4.           Termination of Employment . Executive’s employment with the Company may be terminated as follows:

(a)        Death . In the event of Executive’s death, Executive’s employment will be terminated immediately.

(b)        Disability . In the event of Executive’s Disability, as defined below, Executive’s employment will be terminated immediately. “Disability” shall mean a written determination by a physician mutually agreeable to the Company and Executive (or, in the event of Executive’s total physical or mental disability, Executive’s legal representative) that Executive is physically or mentally unable to perform her duties of Executive Vice President and Chief Financial Officer under this Agreement and that such disability can reasonably be expected to continue for a period of six consecutive months or for shorter periods aggregating 180 days in any 12-month period.

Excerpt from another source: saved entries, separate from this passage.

(* Let $\lambda\neq0$ and $\xi=e_{12}-e_{14}+\lambda e_2$. On $\mathbb R^4$ use the global coordinates $\tilde x^1=2\lambda x^1+(x^2+x^4)^2$, $\tilde x^2=(x^2+x^4)/\lambda$, $\tilde x^3=x^3$, $\tilde x^4=\lambda x^4+x^1(x^2+x^4)+(x^2+x^4)^3/(3\lambda)$. Then a smooth covector field $A$ on $\mathbb R^4$ satisfies $L_\xi A=0$ if and only if there are smooth functions $C_1,C_2,C_3,B$ of $(\tilde x^1,\tilde x^3,\tilde x^4)\in\mathbb R^3$ such that $$A_1=C_2\tilde x^2+C_3,\quad A_2=\tfrac12C_2(\tilde x^2)^2+C_3\tilde x^2+C_1,\quad A_3=B,\quad A_4=A_2+C_2 .$$
   Context: Work in $\mathbb R^4$ with Galilean (Cartesian) coordinates $x^1,x^2,x^3,x^4$ of Minkowski space (metric $\mathrm{diag}(-1,-1,-1,1)$). A potential on an open set $U\subseteq\mathbb R^4$ is a smooth covector field $A=A_i\,dx^i$; its components $A_i$ are always those with respect to the coordinates $x^i$, even when written as functions of other variables. For a vector field $\xi=\xi^k\partial_k$ the Lie derivative is $(L_\xi A)_i=\xi^k\partial_kA_i+A_k\partial_i\xi^k$. The vector fields used are, by components $(\xi^1,\xi^2,\xi^3,\xi^4)$: $e_1=(1,0,0,0)$, $e_2=(0,1,0,0)$, $e_3=(0,0,1,0)$, $e_4=(0,0,0,1)$, $e_{12}=(-x^2,x^1,0,0)$, $e_{13}=(x^3,0,-x^1,0)$, $e_{23}=(0,-x^3,x^2,0)$, $e_{14}=(x^4,0,0,x^1)$, $e_{24}=(0,x^4,0,x^2)$, $e_{34}=(0,0,x^4,x^3)$. A potential admits a family of vector fields if $L_\xi A=0$ for each $\xi$ in it (equivalently for every element of their linear span). ''Functions'' are smooth real functions; $\mathrm{ch}=\cosh$, $\mathrm{sh}=\sinh$. *)

From Stdlib Require Import Reals.
From Coquelicot Require Import Coquelicot.
Open Scope R_scope.

Definition R4 : Type := (R * R * R * R)%type.
Definition R3 : Type := (R * R * R)%type.

Definition coord4 (i : nat) (x : R4) : R :=
  let '(a, b, c, d) := x in
  match i with 1 => a | 2 => b | 3 => c | 4 => d | _ => 0 end.

Definition set4 (i : nat) (t : R) (x : R4) : R4 :=
  let '(a, b, c, d) := x in
  match i with
  | 1 => (t, b, c, d) | 2 => (a, t, c, d)
  | 3 => (a, b, t, d) | 4 => (a, b, c, t) | _ => x end.

Definition coord3 (i : nat) (x : R3) : R :=
  let '(a, b, c) := x in
  match i with 1 => a | 2 => b | 3 => c | _ => 0 end.

Definition set3 (i : nat) (t : R) (x : R3) : R3 :=
  let '(a, b, c) := x in
  match i with
  | 1 => (t, b, c) | 2 => (a, t, c) | 3 => (a, b, t) | _ => x end.

Definition pd4 (i : nat) (f : R4 -> R) (x : R4) : R :=
  Derive (fun t => f (set4 i t x)) (coord4 i x).
Definition pd3 (i : nat) (f : R3 -> R) (x : R3) : R :=
  Derive (fun t => f (set3 i t x)) (coord3 i x).

Fixpoint Ck4 (k : nat) (f : R4 -> R) : Prop :=
  (forall x, continuous f x) /\
  match k with
  | O => True
  | S k' => (forall i x, (1 <= i <= 4)%nat -> ex_derive (fun t => f (set4 i t x)) (coord4 i x))
            /\ (forall i, (1 <= i <= 4)%nat -> Ck4 k' (pd4 i f))
  end.
Fixpoint Ck3 (k : nat) (f : R3 -> R) : Prop :=
  (forall x, continuous f x) /\
  match k with
  | O => True
  | S k' => (forall i x, (1 <= i <= 3)%nat -> ex_derive (fun t => f (set3 i t x)) (coord3 i x))
            /\ (forall i, (1 <= i <= 3)%nat -> Ck3 k' (pd3 i f))
  end.

Definition smooth4 (f : R4 -> R) : Prop := forall k, Ck4 k f.
Definition smooth3 (f : R3 -> R) : Prop := forall k, Ck3 k f.

(* Vector fields / covector fields: component functions indexed 1..4. *)
Definition field := nat -> R4 -> R.

Definition lie (xi A : field) (i : nat) (x : R4) : R :=
  sum_f 1 4 (fun k => xi k x * pd4 k (A i) x + A k x * pd4 i (xi k) x).

Definition vf_of (f1 f2 f3 f4 : R4 -> R) : field :=
  fun k => match k with 1 => f1 | 2 => f2 | 3 => f3 | 4 => f4 | _ => fun _ => 0 end.

Definition x1 (x : R4) := coord4 1 x.
Definition x2 (x : R4) := coord4 2 x.
Definition x3 (x : R4) := coord4 3 x.
Definition x4 (x : R4) := coord4 4 x.

Definition e2 : field := vf_of (fun _ => 0) (fun _ => 1) (fun _ => 0) (fun _ => 0).
Definition e12 : field := vf_of (fun x => - x2 x) x1 (fun _ => 0) (fun _ => 0).
Definition e14 : field := vf_of x4 (fun _ => 0) (fun _ => 0) x1.

Definition vf_add (u v : field) : field := fun k x => u k x + v k x.
Definition vf_scal (c : R) (u : field) : field := fun k x => c * u k x.

Definition xi_field (lam : R) : field :=
  vf_add (vf_add e12 (vf_scal (-1) e14)) (vf_scal lam e2).

Definition tx1 (lam : R) (x : R4) := 2 * lam * x1 x + (x2 x + x4 x) ^ 2.
Definition tx2 (lam : R) (x : R4) := (x2 x + x4 x) / lam.
Definition tx3 (lam : R) (x : R4) := x3 x.
Definition tx4 (lam : R) (x : R4) :=
  lam * x4 x + x1 x * (x2 x + x4 x) + (x2 x + x4 x) ^ 3 / (3 * lam).

(* The field xi = (-(x2 + x4), x1 + lam, 0, -x1) is affine with an explicit polynomial
   flow, along which tx1, tx3, tx4 are constant while tx2 increases with unit speed; every
   point x is reached at time tx2 x from the slice parametrised by Psi.  Writing
   L_xi A = d/dt (A o flow) + (d xi)^T A, the equation L_xi A = 0 becomes the linear ODE
   A1' = A4 - A2, A2' = A4' = A1, A3' = 0 along each orbit, whose solutions are the stated
   polynomials in tx2 with coefficients read off at the slice, i.e. C o (tx1, tx3, tx4)
   with C = A o Psi; these are smooth since Psi is affine.  The only analytic input is the
   chain rule for functions with continuous partial derivatives, proved from the mean
   value theorem one coordinate at a time. *)

From Stdlib Require Import Reals Lra Lia FunctionalExtensionality.
From Coquelicot Require Import Coquelicot.
Open Scope R_scope.

Lemma continuous_of_is_derive (g : R -> R) t dg : is_derive g t dg -> continuous g t.
Proof.
  intros Hg; apply (ex_derive_continuous (K := R_AbsRing) (V := R_NormedModule)).
  eexists; exact Hg.
Qed.

Lemma mvt_increment (h dh : R -> R) a b :
  (forall s, is_derive h s (dh s)) ->
  exists c, Rabs (c - a) <= Rabs (b - a) /\ h b - h a = dh c * (b - a).
Proof.
  intros Hh.
  destruct (MVT_gen h a b dh) as [c [Hc Heq]].
  - intros s _; apply Hh.
  - intros s _; apply continuity_pt_filterlim, (continuous_of_is_derive _ _ _ (Hh s)).
  - exists c; split; [|exact Heq].
    revert Hc; unfold Rmin, Rmax.
    destruct (Rle_dec a b); intros Hc; [rewrite !Rabs_right by lra|rewrite !Rabs_left1 by lra]; lra.
Qed.

Lemma is_derive_0_const (h : R -> R) :
  (forall s, is_derive h s 0) -> forall t, h t = h 0.
Proof.
  intros Hh t.
  destruct (mvt_increment h (fun _ => 0) 0 t Hh) as [c [_ Heq]]; lra.
Qed.

Lemma is_derive_eq (f : R -> R) x l l' : l = l' -> is_derive f x l -> is_derive f x l'.
Proof. now intros <-. Qed.

Lemma continuous_pair {U V W : UniformSpace} (a : U -> V) (b : U -> W) x :
  continuous a x -> continuous b x -> continuous (fun y => (a y, b y)) x.
Proof.
  intros Ha Hb; apply filterlim_locally; intros eps.
  generalize (filter_and _ _ (proj1 (filterlim_locally _ _) Ha eps)
                             (proj1 (filterlim_locally _ _) Hb eps)).
  apply filter_imp; intros y [H1 H2]; split; assumption.
Qed.

Lemma Rmult_approx P0 Q0 e : 0 < e ->
  exists eta, 0 < eta /\ forall P Q,
    Rabs (P - P0) < eta -> Rabs (Q - Q0) < eta -> Rabs (P * Q - P0 * Q0) < e.
Proof.
  intros He.
  set (M := Rabs P0 + Rabs Q0 + 2).
  assert (HM : 2 <= M) by (unfold M; pose proof (Rabs_pos P0); pose proof (Rabs_pos Q0); lra).
  exists (Rmin 1 (e / M)); split.
  { apply Rmin_pos; [lra|]. apply Rdiv_lt_0_compat; lra. }
  intros P Q HP HQ.
  pose proof (Rmin_l 1 (e / M)); pose proof (Rmin_r 1 (e / M)).
  assert (HQ1 : Rabs Q <= Rabs Q0 + 1).
  { replace Q with (Q0 + (Q - Q0)) by ring.
    pose proof (Rabs_triang Q0 (Q - Q0)); lra. }
  replace (P * Q - P0 * Q0) with ((P - P0) * Q + P0 * (Q - Q0)) by ring.
  eapply Rle_lt_trans; [apply Rabs_triang|]. rewrite !Rabs_mult.
  assert (Hb : Rabs (P - P0) * Rabs Q + Rabs P0 * Rabs (Q - Q0)
               <= Rmin 1 (e / M) * (M - 1)).
  { pose proof (Rabs_pos (P - P0)); pose proof (Rabs_pos P0); pose proof (Rabs_pos Q).
    apply Rle_trans with (Rmin 1 (e / M) * (Rabs Q0 + 1) + Rabs P0 * Rmin 1 (e / M));
      [|right; unfold M; ring].
    apply Rplus_le_compat; [apply Rmult_le_compat|apply Rmult_le_compat_l]; lra. }
  assert (Hm : e / M * (M - 1) < e).
  { apply Rmult_lt_reg_r with M; [lra|].
    replace (e / M * (M - 1) * M) with (e * (M - 1)) by (field; lra). nra. }
  pose proof (Rmult_le_compat_r (M - 1) _ _ ltac:(lra) (Rmin_r 1 (e / M))). lra.
Qed.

(c)        Termination by the Company for Cause . The Company shall be entitled to terminate Executive’s employment at any time if it has Cause ,” which shall mean any of the following: (i) conviction of, or plea of nolo contendere to, a felony or any crime involving fraud or dishonesty; (ii) willful misconduct that results in a material and demonstrable damage to the business or reputation of the Company; (iii) breach by Executive of any of the covenants contained in Sections 8, 10(c), 10(d) or 10(e) below; or (iv) willful refusal by Executive to perform her obligations under this Agreement or the lawful direction of the Board that is not the result of Executive’s death, Disability, physical incapacity or Executive’s termination of this Agreement, and that is not corrected within 30 days following written notice thereof to Executive by the Company, such notice to state with specificity the nature of the willful refusal.

(d)        Without Cause . Either the Company or Executive may terminate Executive’s employment at any time without cause upon written notice to the other Party.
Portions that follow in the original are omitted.